## YOUR ASSIGNMENT
Locate "From mathcomp Require Import finmap." in the listing below, then output the line holding it and every line after it, exactly and with nothing else.

Top of EXERCISE DATA

(* Let $\mathcal{N}$ be a non-degenerate GFNN with $D$-dimensional output, let $\rho$ be a nonlinearity, and let $A,B$ be disjoint sets of nodes of $\mathcal{N}$ with a common parent set such that $\mathcal{N}$ admits a $(\rho;A,B,C)$-modification. Then there exists a set $B^*\subset B$ such that $\mathcal{N}$ admits a non-degenerate $(\rho;A\cup B^*,B\setminus B^*,C)$-modification $\mathcal{N}'$.
   Context: A nonlinearity is a continuous $\rho:\mathbb{R}\to\mathbb{R}$ not of the form $t\mapsto at+b$. GFNN with $D$-dim output: $\mathcal{N}=(V,E,V_{\mathrm{in}},V_{\mathrm{out}},\Omega,\Theta,\Lambda)$, $(V,E)$ finite loopless DAG, $V_{\mathrm{in}}$ the parentless nodes, $V_{\mathrm{out}}\subset V\setminus V_{\mathrm{in}}$, nonzero real weights $\omega_{\tilde vv}$ on edges $(v,\tilde v)$, real biases $\theta_v$ on non-input nodes, real output scalars $\lambda^{(r)},\lambda^{(r)}_w$. $\mathrm{anc}(S)$: nodes with a directed path (length $\ge0$) into $S$. Non-degenerate: $V\setminus V_{\mathrm{in}}\subset\mathrm{anc}(V_{\mathrm{out}})$ and each $w\in V_{\mathrm{out}}$ has some $\lambda^{(r)}_w\ne0$. Affine symmetry of $\rho$: $(\zeta,\{(\alpha_s,\beta_s,\gamma_s)\}_{s\in\mathcal{I}})$, $\mathcal{I}$ nonempty finite, $\sum_s\alpha_s\rho(\beta_st+\gamma_s)=\zeta$ $\forall t$, no proper $\mathcal{I}'$ with $\{\rho(\beta_s\cdot+\gamma_s)\}_{\mathcal{I}'}\cup\{\mathbf1\}$ linearly dependent. Irreducible: there is no nonempty $U$ with common parent set $P_U$, nonzero $\kappa_v,\beta_u$ with $\omega_{uv}=\beta_u\kappa_v$, and $\zeta$, nonzero $\alpha_u$ with $(\zeta,\{(\alpha_u,\beta_u,\theta_u)\}_{u\in U})$ an affine symmetry. $(\rho;A,B,C)$-modification of an irreducible $\mathcal{N}$: $A,B\subset V\setminus V_{\mathrm{in}}$ disjoint, $A\ne\varnothing$, common parent set $P$, $W=\{w:\mathrm{par}(w)\cap A\ne\varnothing\}$, $C=\{u'_1,\dots,u'_n\}$ ($n\ge1$) new nodes; require (i) an affine symmetry $(\zeta,\{(\alpha_u,\beta_u,\theta_u)\}_{u\in A\cup B}\cup\{(\alpha'_p,\beta'_p,\gamma'_p)\}_{p=1}^n)$; (ii) nonzero $\kappa_v$ with $\omega_{uv}=\beta_u\kappa_v$ ($u\in A\cup B,v\in P$); (iii) $A\subset\mathrm{par}(w)$ for $w\in W$, nonzero $\nu_w$ with $\omega_{wu}=\nu_w\alpha_u$; (iv) $A\cap V_{\mathrm{out}}=\varnothing$, or $A\subset V_{\mathrm{out}}$ with reals $\mu_r$, $\lambda^{(r)}_u=\mu_r\alpha_u$. Then: delete $A$ and incident edges; add $C$ with edges $(v,u'_p)$ of weight $\beta'_p\kappa_v$, bias $\gamma'_p$, edges $(u'_p,w)$ of weight $-\alpha'_p\nu_w$; $\theta_w\mapsto\theta_w+\zeta\nu_w$; for $w\in W,u\in B$: add edge with weight $-\alpha_u\nu_w$ if absent, else $\omega_{wu}\mapsto\omega_{wu}-\alpha_u\nu_w$, deleting the edge if $0$. If $A\subset V_{\mathrm{out}}$: $\lambda^{(r)}\mapsto\lambda^{(r)}+\zeta\mu_r$, $\lambda^{(r)}_{u'_p}=-\alpha'_p\mu_r$, for $u\in B$ $\lambda^{(r)}_u$ ($0$ if $u\notin V_{\mathrm{out}}$) $\mapsto\lambda^{(r)}_u-\alpha_u\mu_r$, new output set $(V_{\mathrm{out}}\setminus(A\cup B))\cup C\cup\{u\in B:\text{some new }\lambda^{(r)}_u\ne0\}$; else outputs unchanged. $\mathcal{N}$ admits a $(\rho;A,B,C)$-modification if such data exist. *)

From HB Require Import structures.
From mathcomp Require Import all_boot all_order all_algebra.
From mathcomp Require Import finmap.
From mathcomp Require Import all_classical all_reals all_analysis.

Bottom of EXERCISE DATA

## THE ANSWER
From mathcomp Require Import finmap.
From mathcomp Require Import all_classical all_reals all_analysis.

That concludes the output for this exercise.